Your assignment - Report every line from the following entries that contains the string "vectType".

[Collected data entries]
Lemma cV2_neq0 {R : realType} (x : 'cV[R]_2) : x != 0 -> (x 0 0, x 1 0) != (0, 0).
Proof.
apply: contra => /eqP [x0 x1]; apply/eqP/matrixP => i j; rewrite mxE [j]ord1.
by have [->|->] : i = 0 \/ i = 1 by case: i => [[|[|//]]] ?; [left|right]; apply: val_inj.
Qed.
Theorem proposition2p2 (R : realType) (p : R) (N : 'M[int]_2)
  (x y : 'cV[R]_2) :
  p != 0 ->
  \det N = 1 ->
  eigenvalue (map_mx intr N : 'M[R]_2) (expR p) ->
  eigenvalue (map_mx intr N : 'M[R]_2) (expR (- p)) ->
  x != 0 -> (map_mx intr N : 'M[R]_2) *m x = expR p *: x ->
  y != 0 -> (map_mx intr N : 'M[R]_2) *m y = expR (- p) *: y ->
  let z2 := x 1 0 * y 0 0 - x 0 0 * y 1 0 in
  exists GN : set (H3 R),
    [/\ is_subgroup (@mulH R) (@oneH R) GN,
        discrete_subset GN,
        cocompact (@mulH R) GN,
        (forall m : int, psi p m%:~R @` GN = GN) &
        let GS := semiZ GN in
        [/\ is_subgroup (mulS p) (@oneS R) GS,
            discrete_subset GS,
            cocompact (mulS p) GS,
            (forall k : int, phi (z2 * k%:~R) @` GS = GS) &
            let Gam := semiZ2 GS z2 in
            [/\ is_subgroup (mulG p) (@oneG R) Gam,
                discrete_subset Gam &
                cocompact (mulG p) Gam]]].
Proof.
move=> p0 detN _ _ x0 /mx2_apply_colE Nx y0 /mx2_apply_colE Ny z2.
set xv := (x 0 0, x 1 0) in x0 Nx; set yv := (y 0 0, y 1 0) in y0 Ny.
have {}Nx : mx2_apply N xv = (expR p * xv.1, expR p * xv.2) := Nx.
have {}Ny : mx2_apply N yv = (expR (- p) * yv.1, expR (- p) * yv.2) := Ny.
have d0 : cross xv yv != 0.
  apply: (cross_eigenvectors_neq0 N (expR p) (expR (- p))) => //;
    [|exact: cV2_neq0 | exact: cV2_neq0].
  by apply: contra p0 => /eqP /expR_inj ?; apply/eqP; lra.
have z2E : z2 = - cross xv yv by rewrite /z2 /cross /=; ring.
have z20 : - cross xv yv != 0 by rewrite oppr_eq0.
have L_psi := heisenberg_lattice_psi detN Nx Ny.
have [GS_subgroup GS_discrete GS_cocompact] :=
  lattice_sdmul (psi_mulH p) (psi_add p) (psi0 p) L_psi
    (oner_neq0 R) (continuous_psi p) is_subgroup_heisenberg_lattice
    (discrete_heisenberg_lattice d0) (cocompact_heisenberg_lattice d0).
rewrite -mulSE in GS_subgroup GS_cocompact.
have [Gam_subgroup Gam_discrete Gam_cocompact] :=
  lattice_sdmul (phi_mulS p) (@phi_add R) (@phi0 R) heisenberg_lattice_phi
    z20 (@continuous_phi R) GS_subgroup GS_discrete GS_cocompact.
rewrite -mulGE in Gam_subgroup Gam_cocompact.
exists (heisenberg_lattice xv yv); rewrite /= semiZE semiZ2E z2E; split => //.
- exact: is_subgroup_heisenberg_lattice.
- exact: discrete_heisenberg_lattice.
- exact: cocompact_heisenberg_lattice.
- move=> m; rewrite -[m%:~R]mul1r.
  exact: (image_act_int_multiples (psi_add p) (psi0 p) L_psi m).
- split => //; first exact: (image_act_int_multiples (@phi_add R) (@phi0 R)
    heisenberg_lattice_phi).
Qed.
--
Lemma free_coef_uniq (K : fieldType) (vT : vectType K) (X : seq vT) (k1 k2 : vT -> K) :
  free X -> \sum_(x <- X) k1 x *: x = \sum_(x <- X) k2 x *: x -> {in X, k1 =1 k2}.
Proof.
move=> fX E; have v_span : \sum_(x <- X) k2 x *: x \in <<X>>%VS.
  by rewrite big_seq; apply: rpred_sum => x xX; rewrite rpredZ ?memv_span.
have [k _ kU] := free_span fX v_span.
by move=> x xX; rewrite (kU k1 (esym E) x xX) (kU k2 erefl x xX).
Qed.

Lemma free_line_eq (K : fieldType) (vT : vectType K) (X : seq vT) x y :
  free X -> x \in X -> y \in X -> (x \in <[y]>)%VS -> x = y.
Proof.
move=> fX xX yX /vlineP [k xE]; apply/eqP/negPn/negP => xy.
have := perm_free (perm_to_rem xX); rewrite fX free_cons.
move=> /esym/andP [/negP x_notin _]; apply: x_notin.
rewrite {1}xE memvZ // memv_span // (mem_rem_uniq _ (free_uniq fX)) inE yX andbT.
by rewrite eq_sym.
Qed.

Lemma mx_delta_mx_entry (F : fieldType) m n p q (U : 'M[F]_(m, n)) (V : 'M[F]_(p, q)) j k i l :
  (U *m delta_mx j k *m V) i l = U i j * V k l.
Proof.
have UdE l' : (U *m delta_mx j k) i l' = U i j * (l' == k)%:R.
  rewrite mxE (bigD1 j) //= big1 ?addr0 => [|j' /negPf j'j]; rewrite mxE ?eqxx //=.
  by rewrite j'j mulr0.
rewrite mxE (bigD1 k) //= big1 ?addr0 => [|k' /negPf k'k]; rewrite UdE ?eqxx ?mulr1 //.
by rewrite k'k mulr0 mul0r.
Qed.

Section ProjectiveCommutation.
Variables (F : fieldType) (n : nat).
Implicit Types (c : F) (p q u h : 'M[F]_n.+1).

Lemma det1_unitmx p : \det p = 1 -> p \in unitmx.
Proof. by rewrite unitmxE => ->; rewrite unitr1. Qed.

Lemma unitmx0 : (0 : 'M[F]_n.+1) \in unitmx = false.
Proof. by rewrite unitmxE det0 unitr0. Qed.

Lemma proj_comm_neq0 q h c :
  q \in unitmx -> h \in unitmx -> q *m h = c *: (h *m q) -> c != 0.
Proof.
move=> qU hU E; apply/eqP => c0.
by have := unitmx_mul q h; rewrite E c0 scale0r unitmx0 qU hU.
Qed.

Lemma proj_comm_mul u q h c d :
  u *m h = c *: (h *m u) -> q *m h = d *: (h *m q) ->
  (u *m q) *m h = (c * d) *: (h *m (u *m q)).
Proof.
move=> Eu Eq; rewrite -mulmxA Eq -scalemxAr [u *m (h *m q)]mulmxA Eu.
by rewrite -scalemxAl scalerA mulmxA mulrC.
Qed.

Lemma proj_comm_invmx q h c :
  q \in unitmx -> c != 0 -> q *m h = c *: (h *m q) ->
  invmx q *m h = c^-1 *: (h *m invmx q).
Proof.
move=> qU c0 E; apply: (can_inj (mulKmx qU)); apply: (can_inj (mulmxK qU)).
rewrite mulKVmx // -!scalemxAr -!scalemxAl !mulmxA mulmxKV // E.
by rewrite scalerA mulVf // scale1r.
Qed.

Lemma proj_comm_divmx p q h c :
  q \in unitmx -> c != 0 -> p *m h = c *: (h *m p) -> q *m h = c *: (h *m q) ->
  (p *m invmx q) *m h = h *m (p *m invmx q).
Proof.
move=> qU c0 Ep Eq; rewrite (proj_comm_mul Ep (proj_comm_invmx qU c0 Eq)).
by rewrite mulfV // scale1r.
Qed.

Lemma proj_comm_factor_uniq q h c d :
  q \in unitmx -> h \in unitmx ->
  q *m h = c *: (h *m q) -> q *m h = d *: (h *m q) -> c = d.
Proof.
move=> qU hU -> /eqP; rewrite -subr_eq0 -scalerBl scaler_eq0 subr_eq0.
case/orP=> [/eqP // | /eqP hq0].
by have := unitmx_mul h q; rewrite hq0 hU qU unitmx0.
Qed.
* * *
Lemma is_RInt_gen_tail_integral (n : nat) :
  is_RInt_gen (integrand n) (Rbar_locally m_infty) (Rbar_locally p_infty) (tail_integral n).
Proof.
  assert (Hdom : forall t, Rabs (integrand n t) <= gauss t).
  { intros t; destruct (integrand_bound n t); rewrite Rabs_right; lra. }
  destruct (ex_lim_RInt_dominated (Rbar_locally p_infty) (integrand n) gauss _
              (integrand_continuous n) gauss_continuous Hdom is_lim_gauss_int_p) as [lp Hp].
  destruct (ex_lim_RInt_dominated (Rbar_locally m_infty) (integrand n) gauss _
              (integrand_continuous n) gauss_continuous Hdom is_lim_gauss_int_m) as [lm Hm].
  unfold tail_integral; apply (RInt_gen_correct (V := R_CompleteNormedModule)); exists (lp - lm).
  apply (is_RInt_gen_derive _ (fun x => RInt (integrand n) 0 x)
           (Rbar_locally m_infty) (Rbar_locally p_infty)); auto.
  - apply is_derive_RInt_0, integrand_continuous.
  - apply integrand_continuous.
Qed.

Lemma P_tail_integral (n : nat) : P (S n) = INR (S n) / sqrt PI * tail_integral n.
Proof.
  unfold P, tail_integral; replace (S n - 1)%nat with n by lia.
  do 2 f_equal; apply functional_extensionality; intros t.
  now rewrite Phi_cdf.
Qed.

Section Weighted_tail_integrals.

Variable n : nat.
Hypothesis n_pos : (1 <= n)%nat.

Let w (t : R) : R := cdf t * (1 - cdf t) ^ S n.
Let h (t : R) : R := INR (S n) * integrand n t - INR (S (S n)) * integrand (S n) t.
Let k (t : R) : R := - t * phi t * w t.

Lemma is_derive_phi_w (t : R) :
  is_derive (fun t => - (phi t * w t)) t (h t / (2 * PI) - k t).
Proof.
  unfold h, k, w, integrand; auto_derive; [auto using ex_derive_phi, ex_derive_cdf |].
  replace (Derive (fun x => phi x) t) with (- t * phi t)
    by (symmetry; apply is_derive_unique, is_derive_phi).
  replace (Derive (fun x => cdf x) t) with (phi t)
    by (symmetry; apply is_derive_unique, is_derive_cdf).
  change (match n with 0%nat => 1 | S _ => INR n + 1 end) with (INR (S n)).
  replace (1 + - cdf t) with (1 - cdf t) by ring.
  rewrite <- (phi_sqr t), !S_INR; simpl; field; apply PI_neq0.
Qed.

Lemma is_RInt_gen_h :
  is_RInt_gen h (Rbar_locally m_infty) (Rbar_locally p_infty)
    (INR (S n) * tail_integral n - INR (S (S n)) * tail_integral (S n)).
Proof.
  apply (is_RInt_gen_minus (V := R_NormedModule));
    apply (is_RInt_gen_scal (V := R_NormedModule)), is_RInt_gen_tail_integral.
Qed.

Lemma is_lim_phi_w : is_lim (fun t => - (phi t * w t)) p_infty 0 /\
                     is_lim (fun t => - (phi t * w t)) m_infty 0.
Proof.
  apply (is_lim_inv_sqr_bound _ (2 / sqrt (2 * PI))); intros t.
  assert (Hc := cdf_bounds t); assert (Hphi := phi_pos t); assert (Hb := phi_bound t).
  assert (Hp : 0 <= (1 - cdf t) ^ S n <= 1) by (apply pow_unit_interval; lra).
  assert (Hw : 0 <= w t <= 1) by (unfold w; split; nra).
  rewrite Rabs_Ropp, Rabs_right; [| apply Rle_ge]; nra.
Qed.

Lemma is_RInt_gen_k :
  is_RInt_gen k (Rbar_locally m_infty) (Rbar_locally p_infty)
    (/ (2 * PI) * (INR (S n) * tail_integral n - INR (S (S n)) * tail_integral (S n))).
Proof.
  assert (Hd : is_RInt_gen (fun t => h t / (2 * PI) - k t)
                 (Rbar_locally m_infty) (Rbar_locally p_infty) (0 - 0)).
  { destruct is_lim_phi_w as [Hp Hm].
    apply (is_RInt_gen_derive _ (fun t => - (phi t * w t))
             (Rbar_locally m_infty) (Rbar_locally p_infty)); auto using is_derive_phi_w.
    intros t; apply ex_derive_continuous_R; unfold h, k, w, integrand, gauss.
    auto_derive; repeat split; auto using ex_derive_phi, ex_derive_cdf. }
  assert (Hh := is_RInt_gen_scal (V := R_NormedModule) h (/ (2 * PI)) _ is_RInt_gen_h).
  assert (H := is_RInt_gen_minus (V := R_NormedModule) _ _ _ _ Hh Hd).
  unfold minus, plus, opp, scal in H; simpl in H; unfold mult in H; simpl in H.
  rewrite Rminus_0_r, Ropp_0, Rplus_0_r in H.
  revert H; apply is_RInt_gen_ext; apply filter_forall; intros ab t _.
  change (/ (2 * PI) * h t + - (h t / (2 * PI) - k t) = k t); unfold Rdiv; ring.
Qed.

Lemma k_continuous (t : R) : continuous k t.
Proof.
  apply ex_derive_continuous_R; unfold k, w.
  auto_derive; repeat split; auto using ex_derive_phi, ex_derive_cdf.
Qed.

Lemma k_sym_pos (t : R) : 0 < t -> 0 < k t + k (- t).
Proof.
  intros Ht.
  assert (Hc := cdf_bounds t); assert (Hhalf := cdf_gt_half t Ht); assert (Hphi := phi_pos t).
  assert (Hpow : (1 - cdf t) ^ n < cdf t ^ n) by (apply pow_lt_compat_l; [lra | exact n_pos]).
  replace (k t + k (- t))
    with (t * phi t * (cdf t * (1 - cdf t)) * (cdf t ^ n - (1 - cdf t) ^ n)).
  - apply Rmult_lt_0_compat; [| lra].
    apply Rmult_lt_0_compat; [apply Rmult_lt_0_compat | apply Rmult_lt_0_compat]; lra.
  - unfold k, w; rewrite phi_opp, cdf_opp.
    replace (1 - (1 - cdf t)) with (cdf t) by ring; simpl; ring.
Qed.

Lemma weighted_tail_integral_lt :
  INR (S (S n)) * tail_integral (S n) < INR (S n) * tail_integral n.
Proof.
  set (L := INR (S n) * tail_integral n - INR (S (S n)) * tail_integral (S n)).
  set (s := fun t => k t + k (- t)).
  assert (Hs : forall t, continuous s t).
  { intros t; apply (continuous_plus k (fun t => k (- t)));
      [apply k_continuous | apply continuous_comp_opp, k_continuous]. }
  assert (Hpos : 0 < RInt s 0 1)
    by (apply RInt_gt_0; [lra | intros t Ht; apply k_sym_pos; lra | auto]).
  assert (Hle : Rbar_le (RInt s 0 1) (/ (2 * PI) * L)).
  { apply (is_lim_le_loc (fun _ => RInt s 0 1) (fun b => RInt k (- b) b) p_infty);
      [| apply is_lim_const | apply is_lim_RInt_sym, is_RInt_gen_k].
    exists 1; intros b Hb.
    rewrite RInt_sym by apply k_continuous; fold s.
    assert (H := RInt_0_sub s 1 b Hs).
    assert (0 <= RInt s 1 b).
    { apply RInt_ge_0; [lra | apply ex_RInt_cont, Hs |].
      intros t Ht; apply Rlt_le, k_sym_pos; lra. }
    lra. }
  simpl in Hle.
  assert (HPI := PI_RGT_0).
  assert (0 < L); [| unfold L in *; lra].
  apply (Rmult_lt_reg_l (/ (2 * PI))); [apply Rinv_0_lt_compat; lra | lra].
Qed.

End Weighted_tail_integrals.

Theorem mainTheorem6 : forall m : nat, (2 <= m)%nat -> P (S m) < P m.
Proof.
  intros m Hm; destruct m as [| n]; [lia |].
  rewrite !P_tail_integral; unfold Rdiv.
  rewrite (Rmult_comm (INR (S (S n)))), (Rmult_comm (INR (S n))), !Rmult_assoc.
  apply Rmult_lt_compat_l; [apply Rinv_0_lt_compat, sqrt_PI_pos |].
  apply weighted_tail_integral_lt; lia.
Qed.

Result below -
Lemma free_coef_uniq (K : fieldType) (vT : vectType K) (X : seq vT) (k1 k2 : vT -> K) :
Lemma free_line_eq (K : fieldType) (vT : vectType K) (X : seq vT) x y :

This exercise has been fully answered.